Who, comparing the ways of Henchard and Farfrae, will easily choose between them? Certainly not Hardy. He is too canny, too reflective for an unambiguous stand, and his first loyalty is neither to Henchard nor Farfrae but the larger community of Wessex. Hardy's feelings may go out to Henchard but his mind is partly with Farfrae. He knows that in important respects the Scotsman will help bring a better life to Casterbridge, even if a life less vivid and integral. Yet he also recognizes that the narrowing of opportunity for men like Henchard represents a loss in social strength. In his own intuitive and "poetic" way Hardy works toward an attitude of mature complexity, registering gains and losses, transcending the fixed positions of "progress" and "tradition."

Irving Howe, Thomas Hardy, 1967

ON HENCHARD

Yet although this relentless decline of Henchard's is (as we take its meaning) what unifies the book, Henchard still stands above the others in psychic virtue. In the conventional sense, he is both less moral than them and more so. He is violent and a liar and in one sense intensely selfish, but his generosity is true magnanimity, and he has reserves of affection and humility that they quite lack. The essential is something else though: that his whole nature, good or bad, is centered upon a deep source of vital energy.... Farfrae prospers through skill which the new mode of life has impersonally taught him; Henchard is able to struggle on, though defeated, because not of what he has learnt but of what he is. He blocks out something like the full contour of the human being.
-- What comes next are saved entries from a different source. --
(* On the measurable set C where the sequence converges, limn is a pointwise
   limit; off C it is the junk value 0. *)
Lemma measurable_fun_limn (h : nat -> T -> R) :
  (forall N, measurable_fun [set: T] (h N)) ->
  measurable_fun [set: T] (fun t => limn (h ^~ t)).
Proof.
move=> mh.
pose C := \bigcap_j \bigcup_N \bigcap_(m in [set m | (N <= m)%N])
   ((fun t => h N t - h m t) @^-1` `]- (j.+1%:R^-1 : R), j.+1%:R^-1[).
have mC : measurable C.
  apply: bigcapT_measurable => j; apply: bigcup_measurable => N _.
  apply: bigcap_measurable; first by exists N => /=.
  move=> m _; rewrite -[X in measurable X]setTI.
  by apply: (measurable_funB (mh N) (mh m)) => //; exact: measurable_itv.
have CE t : C t <-> cvgn (h ^~ t).
  rewrite cvgn_natSinvP; split.
    move=> Ct j; have [N _ HN] := Ct j Logic.I; exists N => m Nm.
    by have := HN m Nm; rewrite /= in_itv /= -ltr_norml.
  move=> H j _; have [N HN] := H j; exists N => // m Nm.
  by rewrite /= in_itv /= -ltr_norml; exact: HN.
rewrite -(setUv C) measurable_funU //; last exact: measurableC.
split.
  apply: (measurable_fun_cvg (h := h)); first by move=> m; exact: measurable_funS (mh m).
  by move=> t /CE.
apply: (eq_measurable_fun (fun _ => (0 : R))); last exact: measurable_cst.
by move=> t; rewrite inE => /= nC; rewrite dvgP // => /CE.
Qed.

Variable n : nat.

Definition measurable_coords (v : T -> 'cV[R]_n) :=
  forall i, measurable_fun [set: T] (fun t => v t i 0).

Lemma measurable_coords_tuple (v : T -> 'cV[R]_n) :
  measurable_fun [set: T] (@cv2tuple R n \o v) -> measurable_coords v.
Proof.
move/measurable_fun_tnthP => mv i.
by apply: eq_measurable_fun (mv i) => t _ /=; rewrite tnth_mktuple.
Qed.

Lemma measurable_coords_cst (v : 'cV[R]_n) : measurable_coords (fun _ => v).
Proof. by move=> i; exact: measurable_cst. Qed.

Lemma measurable_coords_mulmx (M : 'M[R]_n) (v : T -> 'cV[R]_n) :
  measurable_coords v -> measurable_coords (fun t => M *m v t).
Proof.
move=> mv i; apply: (eq_measurable_fun (fun t => \sum_j M i j * v t j 0)).
  by move=> t _; rewrite mxE.
by apply: measurable_sum => j; apply: measurable_funM => //; exact: measurable_cst.
Qed.

Lemma measurable_coords_sum (I : Type) (r : seq I) (f : I -> T -> 'cV[R]_n) :
  (forall i, measurable_coords (f i)) -> measurable_coords (fun t => \sum_(i <- r) f i t).
Proof.
move=> mf i; apply: (eq_measurable_fun (fun t => \sum_(k <- r) f k t i 0)).
  by move=> t _; rewrite summxE.
by apply: measurable_sum => k; exact: mf.
Qed.

Lemma measurable_scal (M : 'M[R]_n) (u v : T -> 'cV[R]_n) :
  measurable_coords u -> measurable_coords v ->
  measurable_fun [set: T] (fun t => scal ((u t)^T *m M *m v t)).
Proof.
move=> mu mv.
apply: (eq_measurable_fun (fun t => \sum_i \sum_j u t i 0 * M i j * v t j 0)).
  by move=> t _; rewrite scalE.
apply: measurable_sum => i; apply: measurable_sum => j.
by apply: measurable_funM => //; apply: measurable_funM => //; exact: measurable_cst.
Qed.

Lemma measurable_vnorm_X4 (v : T -> 'cV[R]_n) :
  measurable_coords v -> measurable_fun [set: T] (fun t => vnorm (v t) ^+ 4).
Proof.
move=> mv; apply: (eq_measurable_fun (fun t => (\sum_i v t i 0 ^+ 2) ^+ 2)).
  by move=> t _; rewrite vnorm_X4.
by apply: measurable_funX; apply: measurable_sum => i; exact: measurable_funX.
Qed.

End measurability.

Lemma sqr_series_sum_le (R : realType) (g : R) (u z : nat -> R) : 0 < g < 1 ->
  (forall k, 0 <= z k) -> (forall k, u k ^+ 2 <= (g ^+ k.+1) ^+ 2 * z k) ->
  ((series_sum u ^+ 2)%:E
   <= (1 - g)^-1%:E * \sum_(0 <= k <oo) (g ^+ k.+1 * z k)%:E)%E.
Proof.
move=> g01 z0 uz; have /andP[g0 g1] := g01.
have c0 : 0 < (1 - g)^-1 by rewrite invr_gt0 subr_gt0.
have gz0 k : (0 <= (g ^+ k.+1 * z k)%:E)%E.
  by rewrite lee_fin mulr_ge0 ?z0 // exprn_ge0 // ltW.
set V := (\sum_(0 <= k <oo) _)%E.
have V0 : (0 <= V)%E by apply: nneseries_ge0 => k *; exact: gz0.
case Vv: V V0 => [v| |] // V0; last by rewrite gt0_muley ?lte_fin // leey.
have partial_le N : (\sum_(0 <= k < N) u k) ^+ 2 <= (1 - g)^-1 * v.
  apply: (le_trans (sqr_partial_sum_le N g01 uz)); rewrite ler_wpM2l ?(ltW c0) //.
  by rewrite -lee_fin -sumEFin -Vv; apply: nneseries_lim_ge => k *; exact: gz0.
rewrite -EFinM lee_fin /series_sum.
have [cS|dS] := pselect (cvgn (fun N => \sum_(0 <= k < N) u k)); last first.
  by rewrite dvgP // expr0n /= mulr_ge0 ?(ltW c0) // -lee_fin.
set S := (fun N => _) in cS partial_le *.
have SS : (fun N => S N ^+ 2) @ \oo --> limn S ^+ 2.
  by rewrite expr2; under eq_fun do rewrite expr2; exact: cvgM.
rewrite -(cvg_lim _ SS) //; apply: limr_le; first exact: cvgP SS.
exact: nearW.
Qed.

Section square_integrable_series.
Context d (T : measurableType d) (R : realType) (mu : {measure set T -> \bar R}).

Lemma Lfun2_sqr_integral (f : T -> R) : measurable_fun [set: T] f ->
  (\int[mu]_t ((f t) ^+ 2)%:E < +oo)%E -> f \in Lfun mu 2%:E.
Proof.
move=> mf fi; rewrite inE; apply/andP; split; first by rewrite inE.
rewrite inE /= /finite_norm unlock /Lnorm; apply: poweR_lty.
rewrite (eq_integral (fun x => ((f x) ^+ 2)%:E)) //.
by move=> x _ /=; rewrite powR_mulrn // real_normK ?num_real.
Qed.

Definition integral_bounded (f : T -> R) (S : R) :=
  [/\ measurable_fun [set: T] f, forall t, 0 <= f t & (\int[mu]_t (f t)%:E <= S%:E)%E].

Lemma integral_bounded_le (f : T -> R) S S' :
  S <= S' -> integral_bounded f S -> integral_bounded f S'.
Proof. by move=> SS' [mf f0 fi]; split => //; apply: le_trans fi _; rewrite lee_fin. Qed.

Lemma integral_bounded_ge0 (f : T -> R) S : integral_bounded f S -> 0 <= S.
Proof.
case=> _ f0 fS; rewrite -lee_fin; apply: le_trans fS.
by apply: integral_ge0 => t _; rewrite lee_fin.
Qed.

Lemma integral_boundedD (f g : T -> R) S1 S2 :
  integral_bounded f S1 -> integral_bounded g S2 ->
  integral_bounded (fun t => f t + g t) (S1 + S2).
Proof.
move=> [mf f0 fi] [mg g0 gi]; split; first exact: measurable_funD.
  by move=> t; rewrite addr_ge0.
under eq_integral do rewrite EFinD.
rewrite ge0_integralD //; try (by move=> t _; rewrite lee_fin);
  try exact/measurable_EFinP.
by rewrite EFinD leeD.
Qed.

Lemma integral_boundedZ (f : T -> R) a S :
  0 <= a -> integral_bounded f S -> integral_bounded (fun t => a * f t) (a * S).
Proof.
move=> a0 [mf f0 fi]; split.
- by apply: measurable_funM => //; exact: measurable_cst.
- by move=> t; rewrite mulr_ge0.
under eq_integral do rewrite EFinM.
rewrite ge0_integralZl_EFin //; try (by move=> t _; rewrite lee_fin);
  try exact/measurable_EFinP.
by rewrite EFinM lee_wpmul2l ?lee_fin.
Qed.

Lemma integral_bounded_sum (I : Type) (s : seq I) (f : I -> T -> R) (S : I -> R) :
  (forall i, integral_bounded (f i) (S i)) ->
  integral_bounded (fun t => \sum_(i <- s) f i t) (\sum_(i <- s) S i).
Proof.
move=> fS; elim: s => [|i s IH].
  rewrite big_nil; under eq_fun do rewrite big_nil.
  by split; [exact: measurable_cst|by []|rewrite integral0].
rewrite big_cons; under eq_fun do rewrite big_cons.
exact: integral_boundedD.
Qed.

Lemma integral_geom_series_le (g M : R) (Z : nat -> T -> R) : 0 < g < 1 ->
  (forall k, integral_bounded (Z k) M) ->
  (\int[mu]_t (\sum_(0 <= k <oo) (g ^+ k.+1 * Z k t)%:E) <= ((1 - g)^-1 * M)%:E)%E.
Proof.
move=> /andP[g0 g1] ZM; have gk0 k : 0 <= g ^+ k.+1 by rewrite exprn_ge0 ?ltW.
have gZ k : integral_bounded (fun t => g ^+ k.+1 * Z k t) (g ^+ k.+1 * M).
  exact: integral_boundedZ.
rewrite integral_nneseries //; first last.
- by move=> k t _; case: (gZ k) => _ + _; rewrite lee_fin.
- by move=> k; case: (gZ k) => + _ _; move/measurable_EFinP.
apply: (@le_trans _ _ (\sum_(0 <= k <oo) ((g ^+ k.+1 * M)%:E))%E).
  apply: lee_nneseries => [k _ _|k _]; case: (gZ k) => // _ gZ0 _.
  by apply: integral_ge0 => t _; rewrite lee_fin.
have M0 := integral_bounded_ge0 (ZM 0%N).
apply: lime_le.
  by apply: is_cvg_nneseries => k _ _; rewrite lee_fin mulr_ge0.
apply: nearW => N /=; rewrite sumEFin lee_fin -mulr_suml ler_wpM2r //.
by apply: geom_partial_le; rewrite ltW.
Qed.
John Holloway, The Charted Mirror: Literary and Critical Essays, 1960

ON PLOT TECHNIQUES

The reader's breath is almost taken away by the succession of surprising turns of the kind so much prized in a certain kind of romance, and now become the staple of the movies. Everything is so disposed that the story shall never lag, that never shall there be a failure of good things for the lover of movement and novelty.... The specialty of The Mayor of Casterbridge, and what makes its close affinity to the movie, is the large provision of scenes of violent and surprising action making their appeal directly to the sense of sight.... The device of the overheard conversation is also a favorite one in the movies, it gives such scope for that study of facial expression which is so important a feature of movie art. Consider, for example, the picture that Henchard makes as he listens to the love-making of Farfrae and Lucetta, or later to that of Farfrae and Elizabeth...

Joseph Warren Beach, The Technique of Thomas Hardy, 1922

ON THEME

Founding itself upon an ancient psychology, The Mayor of Casterbridge celebrates, first of all, the subordination of the passions that link man with nature to the reason that unites him with God. It is Henchard's tragedy that, like Lear and Othello, he reverses and destroys this order. For when he sells his wife to a sailor for five guineas in violation of the profoundest moral tact, it is at a moment when, under the spell of the furmity-woman, he has allowed the passions to distort and deform the reason. Indeed, the surrender to passion responsible for the original crime will, in spite of his heroic resolution to give up drinking for [twenty-one] years, repeat itself in those sudden angers and indignations that alienate Farfrae, Elizabeth, and Lucetta, among others, and eventually deprive him of the ordinary consolations of love and friendship. The precarious balance between reason and passion will be reestablished only at the very end when, thoroughly scourged and chastised, all passion spent, Henchard is displaced by the Farfraes and Elizabeths in whose persons the claims of reason are piously acknowledged.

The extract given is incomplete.